32. The computerized device of claim 23, further comprising means for calculating, with a tenth processor, a positive activation metric and a negative activation metric based on the activity measurements, the positive activation metric and the negative activation metric representing a correspondence and an inconsistency between the activity measurements and the orientation values, respectively, with respect to the model; and means for generating, with an eleventh processor, for each computational model, a score representing a perturbation of the subset of biological systems to the agent, wherein the score is based on a positive activation score and a negative activation score.

33. The computerized apparatus of claim 32, wherein the positive activation metric, negative activation metric, or both are based on a local false non-discovery rate.

34. The computerized apparatus of claim 23, wherein the subset of biological systems comprises or includes at least one of a cell proliferation mechanism, a cell stress mechanism, a cell inflammation mechanism, and a DNA repair mechanism.

35. A computerized device according to claim 23, wherein said agent comprises or comprises at least one of an aerosol generated by heating tobacco, an aerosol generated by burning tobacco, tobacco smoke or cigarette smoke.

36. The computerized device of claim 23, wherein the agent comprises or comprises a heterogeneous substance comprising molecules or entities that are not present in or derived from the biological system.

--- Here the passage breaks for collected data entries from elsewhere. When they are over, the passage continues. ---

Lemma window_bound_le_u0 n m R j : (1 < n)%N -> m = (R + R + n)%N ->
  window_cost_bound n m R <= 2 * diag_cost n m (u_0 n m) j.
Proof.
move=> hn hm; have [q [hq _]] := modz_decomp (- R%:Z) (ltnW hn).
rewrite /diag_cost (double_sum_rev m (fun p => `|psum (u_0 n m) p.+1 - j * n%:Z|)).
apply: ler_sum => -[p hp] _ /=.
rewrite !psum_u0 ?leq_subr // /u0_first (_ : ((m - n) %/ 2)%N = R) ?hq; last by lia.
rewrite seg_dist_shift (_ : m%:Z - R%:Z - R%:Z = n%:Z); last by lia.
set W := (j + q) * n%:Z.
rewrite [X in `|X| + _](_ : _ = p%:Z - R%:Z - W); last by rewrite /W; lia.
rewrite [X in _ + `|X|](_ : _ = n%:Z - (p%:Z - R%:Z) - W); last first.
  by rewrite /W; lia.
exact/seg_pair_le_abs/mulz_le0_or_ge.
Qed.

Lemma u1_zero_indexE n m R :
  m = (R + R + n + 1)%N -> u1_zero_index m = (R + 1 + (n./2 + odd n))%N.
Proof.
move=> hm; rewrite /u1_zero_index (_ : odd m.+1 = odd n).
  by have := odd_double_half m.+1; have := odd_double_half n; case: (odd n) => /=; lia.
by rewrite hm (_ : _.+1 = n + (R.+1).*2)%N ?oddD ?odd_double ?addbF //; lia.
Qed.

(* The summand of [window_bound_le_u1] for the pair p, m - p, in the coordinate
   x = p - R and with n = 2 h + o: b1 and b2 are the drops of the prefix sums
   of u^(1) at p and m - p, and b3 = [p = u1_zero_index m - 1] carries the
   extra unit of the bound. *)
Lemma u1_pair_bound (n h o x W b1 b2 b3 : int) :
  n = 2 * h + o -> (o = 0 \/ o = 1) -> 2 <= n -> (W <= 0 \/ n <= W) ->
  (b1 = 1 /\ h + o < x \/ b1 = 0 /\ x <= h + o) ->
  (b2 = 1 /\ x <= h \/ b2 = 0 /\ h < x) ->
  (b3 = 1 /\ x = h + o \/ b3 = 0 /\ x <> h + o) ->
  n + 2 * seg_dist 0 (n + 1) x <= `|x - b1 - W| + `|n + 1 - x - b2 - W| + b3.
Proof.
move=> hn ho hn2 hW h1 h2 h3; rewrite /seg_dist.
by case: h1 => [[-> ?]|[-> ?]]; case: h2 => [[-> ?]|[-> ?]];
  case: h3 => [[-> ?]|[-> ?]]; case: hW => ?; lia.
Qed.

Lemma window_bound_le_u1 n m R j : (1 < n)%N -> m = (R + R + n + 1)%N ->
  window_cost_bound n m R <= 2 * diag_cost n m (u_1 n m) j + 1.
Proof.
move=> hn hm; have [q [hq _]] := modz_decomp (- R%:Z) (ltnW hn).
have hc := u1_zero_indexE hm; have hc1 : ((u1_zero_index m).-1 <= m)%N by lia.
rewrite /diag_cost (double_sum_rev m (fun p => `|psum (u_1 n m) p.+1 - j * n%:Z|)).
rewrite -[X in _ + X](sum_indicator_ord hc1) -big_split /=.
apply: ler_sum => -[p hp] _ /=.
rewrite !psum_u1 ?leq_subr // /u0_first (_ : ((m - n) %/ 2)%N = R) ?hq; last by lia.
rewrite seg_dist_shift (_ : m%:Z - R%:Z - R%:Z = n%:Z + 1); last by lia.
set W := (j + q) * n%:Z; set b1 := (u1_zero_index m <= p)%N%:Z.
set b2 := (u1_zero_index m <= m - p)%N%:Z; set b3 := (p == (u1_zero_index m).-1)%:Z.
rewrite [X in `|X| + _](_ : _ = p%:Z - R%:Z - b1 - W); last by rewrite /W; lia.
rewrite [X in _ + `|X| + _](_ : _ = n%:Z + 1 - (p%:Z - R%:Z) - b2 - W); last first.
  by rewrite /W; lia.
have hh := odd_double_half n.
apply: (u1_pair_bound (h := (n./2)%N%:Z) (o := (odd n)%N%:Z)).
- by lia.
- by case: odd; [right | left].
- by lia.
- exact: mulz_le0_or_ge.
- by rewrite /b1; case: leqP => ?; [left | right]; lia.
- by rewrite /b2; case: leqP => ?; [left | right]; lia.
- by rewrite /b3; case: eqVneq => ?; [left | right]; lia.
Qed.

(** * Pivots *)

Lemma piv_psum n m v (k : nat) : (k < m.+3)%N ->
  piv n m v (k%:Z - 1) = (n%:Z %| psum v k)%Z.
Proof.
move=> hk; rewrite /piv subrK absz_nat.
by rewrite (_ : (-1 <= k%:Z - 1 <= m.+1%:Z) = true) //; apply/andP; split; lia.
Qed.

Lemma p_lP n m v : exists Kl : nat,
  [/\ p_l n m v = Kl%:Z - 1, (Kl < m.+3)%N, (n%:Z %| psum v Kl)%Z,
      (Kl%:Z - 1) * 2 < m%:Z &
      forall k, (k < m.+3)%N -> (n%:Z %| psum v k)%Z ->
        (k%:Z - 1) * 2 < m%:Z -> (k <= Kl)%N].
Proof.
set P := fun k : 'I_m.+3 => piv n m v (k%:Z - 1) && ((k%:Z - 1) * 2 < m%:Z).
have P0 : P ord0 by rewrite /P piv_psum // psum0 dvdz0; apply/andP; split=> //; lia.
rewrite /p_l (bigmax_eq_arg _ _ _ _ P0) //; case: arg_maxP => // K /andP [].
rewrite piv_psum // => hK hKm hmax; exists K; split=> // k hk hkd hkm.
by apply: (hmax (Ordinal hk)); rewrite /P piv_psum // hkd hkm.
Qed.

Lemma p_rP n m v : is_vertex n m v -> exists Kr : nat,
  [/\ p_r n m v = Kr%:Z - 1, (Kr < m.+3)%N, (n%:Z %| psum v Kr)%Z,
      m%:Z <= (Kr%:Z - 1) * 2 &
      forall k, (k < m.+3)%N -> (n%:Z %| psum v k)%Z ->
        m%:Z <= (k%:Z - 1) * 2 -> (Kr <= k)%N].
Proof.
move=> [_ _ _ _ hdiv].
set P := fun k : 'I_m.+3 => piv n m v (k%:Z - 1) && (m%:Z <= (k%:Z - 1) * 2).
have Pmax : P ord_max.
  by rewrite /P piv_psum //; apply/andP; split; [exact: hdiv | rewrite /=; lia].
rewrite /p_r (bigmin_eq_arg _ _ _ _ Pmax); last by move=> i _; exact: leq_ord.
case: arg_minP => // K /andP [].
rewrite piv_psum // => hK hKm hmin; exists K; split=> // k hk hkd hkm.
by apply: (hmin (Ordinal hk)); rewrite /P piv_psum // hkd hkm.
Qed.

Lemma sum_Ic_psum n m v (Kl Kr : nat) :
  p_l n m v = Kl%:Z - 1 -> p_r n m v = Kr%:Z - 1 -> (Kl <= Kr <= m.+2)%N ->
  sum_Ic n m v = psum v Kr - psum v Kl.
Proof.
move=> hl hr /andP [hlr hrm]; rewrite -sum_psum // big_geq_mkord.
rewrite (big_ord_widen_cond _ _ _ hrm) /sum_Ic hl hr; apply: eq_bigl => i /=.
by apply/idP/idP => /andP [h1 h2]; apply/andP; split; lia.
Qed.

37. The computerized device of claim 23, wherein the agent comprises or comprises a toxin, a therapeutic compound, a stimulant, a relaxant, a natural product, an article of manufacture, and a food material.

38. The computerized apparatus of claim 23, wherein the processing dataset comprises or includes a plurality of processing datasets such that each measurable node comprises or includes a plurality of fold-change values defined by a first probability distribution and a plurality of weight values defined by a second probability distribution.

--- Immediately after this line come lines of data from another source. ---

Lemma ler_sum_substochastic m p (c : nat -> 'I_p -> R) (e l : nat -> R) :
  (m <= p)%N ->
  (forall j k, (j < m)%N -> 0 <= c j k) ->
  (forall j, (j < m)%N -> \sum_k c j k <= 1) ->
  (forall k, \sum_(j < m) c j k <= 1) ->
  (forall i j, (i <= j < m)%N -> e j <= e i) -> (forall i, (i < m)%N -> 0 <= e i) ->
  (forall i j, (i <= j < p)%N -> l j <= l i) -> (forall i, (i < p)%N -> 0 <= l i) ->
  \sum_(j < m) e j * \sum_k c j k * l k <= \sum_(j < m) e j * l j.
Proof.
move=> hmp c0 crow ccol he he0 hl hl0.
apply: (ler_sum_nonincr_weights (y := fun j => \sum_k c j k * l k)) => // a ha.
rewrite exchange_big /=; under eq_bigr do rewrite -mulr_suml.
apply: (ler_wsum_prefix (c := fun k => \sum_(j < a.+1) c j k)) => // [|k|].
- exact: leq_trans hmp.
- rewrite sumr_ge0 => [|j _]; last exact/c0/(leq_trans (ltn_ord j)).
  apply: le_trans (ccol k); rewrite (big_ord_widen m (c^~ k) ha) big_mkcond /=.
  by apply: ler_sum => j _; case: ifP => // _; rewrite c0.
- have -> : a.+1%:R = \sum_(j < a.+1) 1 :> R by rewrite sumr_const card_ord.
  rewrite exchange_big /=; apply: ler_sum => j _; exact/crow/(leq_trans (ltn_ord j)).
Qed.

End WeightedSums.

Section Gram.
Variable R : realFieldType.

Lemma mulmx_tr_diagE m p (u : 'M[R]_(m, p)) j : (u *m u^T) j j = \sum_k u j k ^+ 2.
Proof. by rewrite mxE; apply: eq_bigr => k _; rewrite mxE expr2. Qed.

39. The computerized device of claim 23, wherein the processing dataset comprises or includes a plurality of processing datasets such that each measurable node comprises or includes a plurality of multiplier change values and corresponding weight values.

40. The computerized device of claim 23, wherein means for generating the score comprises means for linearly or non-linearly combining the activity measure, the weight value, and the direction value; and means for normalizing said combination by a scaling factor.

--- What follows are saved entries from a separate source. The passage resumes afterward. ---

(* Let $n\ge2$ and $\tau\in\mathbb{C}^\times$. With $\Delta$ and $\tilde\Delta$ as in the context, $$\tilde\Delta(x_1,\dots,x_{n-2}\,|\,z_1,\dots,z_n)=\prod_{j=2}^n\frac{z_j-z_1\tau^{2n-2}}{z_j-z_1\tau^2}\,\Delta(x_1,\dots,x_{n-2}\,|\,z_1,\dots,z_n)$$ as rational functions of $x_1,\dots,x_{n-2},z_1,\dots,z_n$.
   Context: For $\lambda\ge1$, $A_\lambda(x|z_1,\dots,z_n)=\sum_{\kappa=0}^{\lambda}(-1)^\kappa x^{\lambda-\kappa}\big(\tau^{n(\lambda-\kappa)+\kappa}-\tau^{-n(\lambda-\kappa)-\kappa}\big)\sigma_\kappa(z_1,\dots,z_n)$, where $\sigma_\kappa$ is the $\kappa$-th elementary symmetric polynomial ($\sigma_\kappa=0$ for $\kappa>n$); $\Delta(x_1,\dots,x_{n-2}|z_1,\dots,z_n)=\det\big(A_\lambda(x_\mu|z_1,\dots,z_n)\big)_{1\le\lambda,\mu\le n-2}$. Define $\tilde A_\lambda(x|z_1,\dots,z_n)=\frac{x-z_1\tau^{n-1}}{x-z_1\tau^{n+1}}A_\lambda(x|z_1\tau^{2n},z_2,\dots,z_n)+\frac{z_1\tau^{n+1}}{x}\Big\{\tau^{-2}\prod_{j=2}^n\frac{x\tau^{n-1}-z_j}{z_1\tau^2-z_j}-\frac{x-z_1\tau^{n-1}}{x-z_1\tau^{n+1}}\prod_{j=2}^n\frac{x\tau^{-n+1}-z_j}{z_1\tau^2-z_j}\Big\}A_\lambda(z_1\tau^{n+1}|z_1\tau^{2n},z_2,\dots,z_n)$ and $\tilde\Delta(x_1,\dots,x_{n-2}|z_1,\dots,z_n)=\det\big(\tilde A_\lambda(x_\mu|z_1,\dots,z_n)\big)_{1\le\lambda,\mu\le n-2}$ (empty determinants equal $1$). *)

From HB Require Import structures.
From mathcomp Require Import all_boot all_order all_algebra.
From mathcomp Require Import complex.
From mathcomp Require Import reals.
Set Implicit Arguments. Unset Strict Implicit. Unset Printing Implicit Defensive.
Import Order.TTheory GRing.Theory Num.Theory.
Local Open Scope ring_scope.

(* Variables are 1-based: z : nat -> F with z 1, ..., z n meaningful;
   x : nat -> F with x 1, ..., x (n-2) meaningful. *)
Section Defs.
Variable F : fieldType.

Definition esym (n k : nat) (z : nat -> F) : F :=
  \sum_(S : {set 'I_n} | #|S| == k) \prod_(i in S) z i.+1.

Definition A (n : nat) (tau : F) (lam : nat) (x : F) (z : nat -> F) : F :=
  \sum_(0 <= k < lam.+1)
     (-1) ^+ k * x ^+ (lam - k)
     * (tau ^+ (n * (lam - k) + k) - tau ^- (n * (lam - k) + k))
     * esym n k z.

Definition zshift (n : nat) (tau : F) (z : nat -> F) : nat -> F :=
  fun i => if i == 1%N then z 1%N * tau ^+ (2 * n) else z i.

Definition Atilde (n : nat) (tau : F) (lam : nat) (x : F) (z : nat -> F) : F :=
  let z1 := z 1%N in
  let r := (x - z1 * tau ^+ (n - 1)) / (x - z1 * tau ^+ n.+1) in
  r * A n tau lam x (zshift n tau z)
  + z1 * tau ^+ n.+1 / x *
    (tau ^- 2 * \prod_(2 <= j < n.+1) ((x * tau ^+ (n - 1) - z j) / (z1 * tau ^+ 2 - z j))
     - r * \prod_(2 <= j < n.+1) ((x * tau ^- (n - 1) - z j) / (z1 * tau ^+ 2 - z j)))
    * A n tau lam (z1 * tau ^+ n.+1) (zshift n tau z).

41. The computerized device of claim 40, wherein said combination is an arithmetic combination and said scaling factor is the square root of the number of biological entities from which measurement data is received.

42. The computerized device of claim 23, wherein the score is generated by a geometric perturbation index scoring technique, a probabilistic perturbation index scoring technique, or an expected perturbation index scoring technique.

43. The computerized device of claim 23, further comprising means for determining a confidence interval for the score based on a parametric or non-parametric computational guidance technique.